My family is okay for now, and I am actually enjoying my suddenly ‘chill’ schedule with my one year old and my wife. I’m confident the work will pick back up when this is all over, whenever that is.
I feel much more for the many business owners who had much more at stake with lots of other people’s livelihoods dependent on their own. You won’t catch me complaining too much about my situation. Though I am happy if people want to buy my album.
Last year on Opening Day, Bobby missed his gig at Petco Park. He had a pretty good excuse: his wife was giving birth to their daughter. I asked him what he remembers about that day.

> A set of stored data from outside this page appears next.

(* Consider the protocol ABBBA described in the context, with $n\ge 3t+1$, in which every honest node receives an input pair $(a,b)\in\{0,1\}^2$. Then: (i) (Conditional termination) If the inputs satisfy the condition ''if some honest node has $b=1$, then at least $t+1$ honest nodes have $a=1$'', then every honest node eventually outputs a value and terminates. (ii) (Biased validity) If at least $t+1$ honest nodes have $b=1$, then every honest node that terminates outputs $1$. (iii) (Biased integrity) If some honest node outputs $1$, then at least one honest node has input $a=1$ or $b=1$.
   Context: Model: $n$ nodes in an asynchronous network (messages between honest nodes are eventually delivered, with arbitrary delay), at most $t$ of which are Byzantine (controlled by an adaptive adversary), $n\ge 3t+1$. Protocol ABBBA (asynchronous biased binary Byzantine agreement), code for an honest node with input $(a,b)\in\{0,1\}^2$: initialize counters $c_a=c_b=c_c=0$. Send $(\mathrm{VALUE},a,b)$ to all nodes. If $a=1$ or $b=1$, output $1$ and terminate. Otherwise wait until one of: $c_a\ge t+1$, $c_b\ge t+1$, or $c_c\ge n-t$; if $c_a\ge t+1$ or $c_b\ge t+1$, output $1$ and terminate; else (i.e. $c_c\ge n-t$) output $0$ and terminate. Counter updates: upon receiving the first message $(\mathrm{VALUE},a',b')$ with $a',b'\in\{0,1\}$ from a given node, set $c_a\leftarrow c_a+a'$, $c_b\leftarrow c_b+b'$, and if $b'=0$ set $c_c\leftarrow c_c+1$ (later VALUE messages from the same node are ignored). *)

From mathcomp Require Import all_boot.
Set Implicit Arguments. Unset Strict Implicit. Unset Printing Implicit Defensive.

(* A message payload (VALUE, a', b'); payloads are arbitrary naturals so that
   Byzantine nodes may send malformed values (a', b' not in {0,1}). *)
Definition payload := (nat * nat)%type.

(* The receive trace of a node: at each step it receives at most one message,
   tagged with its (authenticated) sender. *)
Definition trace (n : nat) := nat -> option ('I_n * payload).

Fixpoint first_valid n (r : trace n) (tau : nat) (k : 'I_n) : option payload :=
  match tau with
  | 0 => None
  | tau'.+1 =>
      match first_valid r tau' k with
      | Some m => Some m
      | None =>
          match r tau' with
          | Some (k', (x, y)) =>
              if [&& k' == k, x <= 1 & y <= 1] then Some (x, y) else None
          | None => None
          end
      end
  end.

Definition c_a n (r : trace n) tau : nat :=
  #|[set k : 'I_n | if first_valid r tau k is Some (x, _) then x == 1 else false]|.
Definition c_b n (r : trace n) tau : nat :=
  #|[set k : 'I_n | if first_valid r tau k is Some (_, y) then y == 1 else false]|.
Definition c_c n (r : trace n) tau : nat :=
  #|[set k : 'I_n | if first_valid r tau k is Some (_, y) then y == 0 else false]|.

Definition ready n (t : nat) (r : trace n) tau : bool :=
  [|| t.+1 <= c_a r tau, t.+1 <= c_b r tau | n - t <= c_c r tau].

Definition outputs n (t : nat) (a b : bool) (r : trace n) (v : bool) : Prop :=
  ((a || b) /\ v = true) \/
  (~~ (a || b) /\ exists tau, [/\ ready t r tau,
        (forall tau', tau' < tau -> ~~ ready t r tau') &
        v = (t.+1 <= c_a r tau) || (t.+1 <= c_b r tau)]).

(* Admissible asynchronous execution: H is the set of honest nodes, a b their
   inputs, r j the receive trace of node j.  Every honest node i sends
   (VALUE, a i, b i) to all nodes, so every message an honest j receives from an
   honest i carries that payload, and it is eventually delivered.  Messages
   from Byzantine nodes (outside H) are arbitrary. *)
Definition execution n (H : {set 'I_n}) (a b : 'I_n -> bool) (r : 'I_n -> trace n)
  : Prop :=
  forall j, j \in H ->
    (forall tau i m, i \in H -> r j tau = Some (i, m) ->
        m = (nat_of_bool (a i), nat_of_bool (b i))) /\
    (forall i, i \in H -> exists tau,
        r j tau = Some (i, (nat_of_bool (a i), nat_of_bool (b i)))).

(* Honest messages are authenticated and eventually delivered, so at honest
   node j the first valid message from an honest node k is k's own vote, and
   after some time all honest votes have been counted.  Termination: if an
   honest b = 1 exists, the t+1 honest a = 1 votes push c_a past t; otherwise
   the at least n - t honest nodes all vote b = 0 and push c_c to n - t.
   Validity: the t+1 honest b = 1 votes never count towards c_c, which thus
   stays below n - t.  Integrity: a counter exceeding t counts more than the
   at most t Byzantine nodes, so some honest node voted a = 1 or b = 1. *)
From mathcomp Require Import all_boot.
From mathcomp Require Import zify.

Set Implicit Arguments.
Unset Strict Implicit.

Section FirstValid.

Variables (n : nat) (r : trace n).

Lemma first_valid_sent tau k m :
  first_valid r tau k = Some m -> exists2 tau', tau' < tau & r tau' = Some (k, m).
Proof.
elim: tau => [|tau IH] //=.
case Efv: (first_valid r tau k) => [m'|].
  move=> [em]; subst m'.
  by have [tau' lt_tau' Htau'] := IH Efv; exists tau' => //; apply: ltnW.
case Rtau: (r tau) => [[k' [x y]]|] //.
by case: ifP => // /and3P [/eqP ek _ _] [em]; subst; exists tau.
Qed.

Lemma first_valid_mono tau tau' k m :
  tau <= tau' -> first_valid r tau k = Some m -> first_valid r tau' k = Some m.
Proof.
move=> + fv; elim: tau' => [|tau' IH]; first by rewrite leqn0 => /eqP <-.
by rewrite leq_eqVlt ltnS => /orP [/eqP <- // | /IH /= ->].
Qed.

Lemma first_valid_received tau k x y :
  r tau = Some (k, (x, y)) -> x <= 1 -> y <= 1 ->
  exists m, first_valid r tau.+1 k = Some m.
Proof.
move=> Rtau x_le1 y_le1 /=; case: (first_valid r tau k) => [m|]; first by exists m.
by rewrite Rtau eqxx x_le1 y_le1; exists (x, y).
Qed.

End FirstValid.

Lemma eventually_forall_seq (I : eqType) (P : I -> nat -> Prop) (s : seq I) :
  (forall i, i \in s -> exists T, forall tau, T <= tau -> P i tau) ->
  exists T, forall i, i \in s -> forall tau, T <= tau -> P i tau.
Proof.
elim: s => [|x s IH] ev_s; first by exists 0.
have [Tx PTx] := ev_s x (mem_head _ _).
have [Ts PTs] : exists T, forall i, i \in s -> forall tau, T <= tau -> P i tau.
  by apply: IH => i si; apply: ev_s; rewrite in_cons si orbT.
exists (maxn Tx Ts) => i; rewrite in_cons => /orP [/eqP-> | si] tau le_tau.
  by apply: PTx; apply: leq_trans le_tau; apply: leq_maxl.
by apply: PTs si _ _; apply: leq_trans le_tau; apply: leq_maxr.
Qed.

Lemma exists_in_setC_lt (T : finType) (A B : {set T}) :
  #|~: B| < #|A| -> exists2 k, k \in A & k \in B.
Proof.
move=> lt_card; have /subsetPn [k kA] : ~~ (A \subset ~: B).
  by apply: contraL lt_card => /subset_leq_card; rewrite -leqNgt.
by rewrite inE negbK; exists k.
Qed.

Section Execution.

Variables (n t : nat) (H : {set 'I_n}) (a b : 'I_n -> bool) (r : 'I_n -> trace n).
Hypothesis exec : execution H a b r.
Variable j : 'I_n.
Hypothesis honest_j : j \in H.

Local Notation vote k := (nat_of_bool (a k), nat_of_bool (b k)).

Lemma first_valid_honest tau k m :
  k \in H -> first_valid (r j) tau k = Some m -> m = vote k.
Proof.
move=> honest_k /first_valid_sent [tau' _]; have [sent_vote _] := exec honest_j.
exact: sent_vote.
Qed.

Lemma first_valid_honest_eventually :
  exists T, forall k, k \in H -> first_valid (r j) T k = Some (vote k).
Proof.
have [T PT] : exists T, forall k, k \in enum H ->
    forall tau, T <= tau -> first_valid (r j) tau k = Some (vote k).
  apply: eventually_forall_seq => k; rewrite mem_enum => honest_k.
  have [tau Rtau] := (exec honest_j).2 k honest_k.
  have [m fv] := first_valid_received Rtau (leq_b1 _) (leq_b1 _).
  exists tau.+1 => tau' le_tau'; apply: first_valid_mono le_tau' _.
  by rewrite fv (first_valid_honest honest_k fv).
by exists T => k honest_k; apply: PT; rewrite ?mem_enum.
Qed.

Section AllVotesCounted.

Variable T : nat.
Hypothesis counted : forall k, k \in H -> first_valid (r j) T k = Some (vote k).

Lemma card_honest_a_le_c_a : #|[set k in H | a k]| <= c_a (r j) T.
Proof.
apply: subset_leq_card; apply/subsetP => k; rewrite !inE => /andP [honest_k].
by rewrite counted //; case: (a k).
Qed.

Lemma card_honest_le_c_c : (forall k, k \in H -> ~~ b k) -> #|H| <= c_c (r j) T.
Proof.
move=> no_b; apply: subset_leq_card; apply/subsetP => k honest_k.
by rewrite inE counted //; move: (no_b k honest_k); case: (b k).
Qed.

End AllVotesCounted.

Lemma c_c_add_card_honest_b tau : c_c (r j) tau + #|[set k in H | b k]| <= n.
Proof.
have c_c_le : c_c (r j) tau <= #|~: [set k in H | b k]|.
  apply: subset_leq_card; apply/subsetP => k; rewrite !inE.
  case fv: (first_valid (r j) tau k) => [[x y]|] //; apply: contraL => /andP [honest_k].
  by have [_ ->] := first_valid_honest honest_k fv; case: (b k).
by have := cardsC [set k in H | b k]; rewrite card_ord; move: c_c_le; lia.
Qed.

Hypothesis few_byzantine : #|~: H| <= t.

Lemma honest_a_of_c_a tau : t < c_a (r j) tau -> exists2 k, k \in H & a k.
Proof.
move=> /(leq_ltn_trans few_byzantine) /exists_in_setC_lt [k].
rewrite inE; case fv: (first_valid (r j) tau k) => [[x y]|] // x1 honest_k.
have [x_vote _] := first_valid_honest honest_k fv.
by exists k => //; move: x1; rewrite x_vote; case: (a k).
Qed.

Lemma honest_b_of_c_b tau : t < c_b (r j) tau -> exists2 k, k \in H & b k.
Proof.
move=> /(leq_ltn_trans few_byzantine) /exists_in_setC_lt [k].
rewrite inE; case fv: (first_valid (r j) tau k) => [[x y]|] // y1 honest_k.
have [_ y_vote] := first_valid_honest honest_k fv.
by exists k => //; move: y1; rewrite y_vote; case: (b k).
Qed.

Lemma eventually_ready :
  ((exists2 k, k \in H & b k) -> t < #|[set k in H | a k]|) ->
  exists tau, ready t (r j) tau.
Proof.
move=> enough_a; have [T counted] := first_valid_honest_eventually.
exists T; rewrite /ready.
have [/exists_inP [k honest_k bk] | no_b] := boolP [exists k in H, b k].
  have many_a := enough_a (ex_intro2 _ _ k honest_k bk).
  by rewrite (leq_trans many_a (card_honest_a_le_c_a counted)).
have n_le : n - t <= #|H|.
  by have := cardsC H; rewrite card_ord; move: few_byzantine; lia.
by rewrite (leq_trans n_le (card_honest_le_c_c counted _)) ?orbT // => k /(exists_inPn no_b).
Qed.

End Execution.

Section Outputs.

Variables (n t : nat) (a b : bool) (r : trace n).

Lemma outputs_of_ready :
  (~~ (a || b) -> exists tau, ready t r tau) -> exists v, outputs t a b r v.
Proof.
move=> waiting_ends; have [ab | nab] := boolP (a || b); first by exists true; left.
have ex_ready := waiting_ends nab.
exists ((t < c_a r (ex_minn ex_ready)) || (t < c_b r (ex_minn ex_ready))); right.
split=> //; case: ex_minnP => tau ready_tau min_tau; exists tau; split=> // tau' lt_tau'.
by apply: contraTN lt_tau' => /min_tau; rewrite -leqNgt.
Qed.

Lemma outputs_false_c_c : outputs t a b r false -> exists tau, n - t <= c_c r tau.
Proof.
case=> [[_ //] | [_ [tau [ready_tau _ /esym/norP [not_a not_b]]]]].
by exists tau; move: ready_tau; rewrite /ready (negbTE not_a) (negbTE not_b).
Qed.

Lemma outputs_true_counter :
  outputs t a b r true -> a || b \/ exists tau, (t < c_a r tau) || (t < c_b r tau).
Proof. by case=> [[ab _] | [_ [tau [_ _ counter]]]]; [left | right; exists tau]. Qed.

End Outputs.

Theorem lemma8 (n t : nat) (H : {set 'I_n}) (a b : 'I_n -> bool)
    (r : 'I_n -> trace n) :
  3 * t < n ->
  #|~: H| <= t ->
  execution H a b r ->
  (* (i) conditional termination *)
  (((exists2 i, i \in H & b i) -> t.+1 <= #|[set i in H | a i]|) ->
     forall j, j \in H -> exists v, outputs t (a j) (b j) (r j) v) /\
  (* (ii) biased validity *)
  (t.+1 <= #|[set i in H | b i]| ->
     forall j v, j \in H -> outputs t (a j) (b j) (r j) v -> v = true) /\
  (* (iii) biased integrity *)
  ((exists2 j, j \in H & outputs t (a j) (b j) (r j) true) ->
     exists2 i, i \in H & a i || b i).
Proof.
move=> t_lt_n few_byzantine exec; split; [|split].
- move=> enough_a j honest_j; apply: outputs_of_ready => _.
  exact: (eventually_ready exec honest_j few_byzantine enough_a).
- move=> many_b j [] // honest_j /outputs_false_c_c [tau c_c_large].
  have := c_c_add_card_honest_b exec honest_j tau; move: t_lt_n many_b c_c_large; lia.
- case=> j honest_j /outputs_true_counter [ab | [tau /orP [c_a_large | c_b_large]]].
  + by exists j.
  + have [k honest_k ak] := honest_a_of_c_a exec honest_j few_byzantine c_a_large.
    by exists k => //; rewrite ak.
  + have [k honest_k bk] := honest_b_of_c_b exec honest_j few_byzantine c_b_large.
    by exists k => //; rewrite bk orbT.
Qed.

What memories stand out about the day my daughter was born?! Are you serious? Everything stands out.
Me waking up on Opening Day and finding my wife wasn’t in bed but was downstairs doubled over doing the breathing exercises we’d learned in class.
Me texting the game day producer and saying ‘listen I’m not sure if I should come but maybe I should’ and her INSISTING I do not come.
Lots of wonderful messages of encouragement and the insane miracle of my daughter coming into this world.
This year is different, of course. Like all of us, Bobby was looking forward to being part of the pomp and circumstance of Opening Day.
I love being a tiny cog in a bigger machine that is a Major League Baseball game.
Every game is a giant production involving months of planning, from police directing traffic to the guy who has been making cotton candy since 7 AM to the ticket agents and guest service people to the anthem singer, the person telling the anthem singer to be in the right place at the right time.
And then there’s me, the guy that plays the organ. I have my own small and silly role, but I am nonetheless part of it. For some few minutes each game I get to play something for all of those people’s ears.
I love that I somehow hoodwinked the universe into it being okay for me to go watch baseball in the middle of a weekday and get paid to play music there.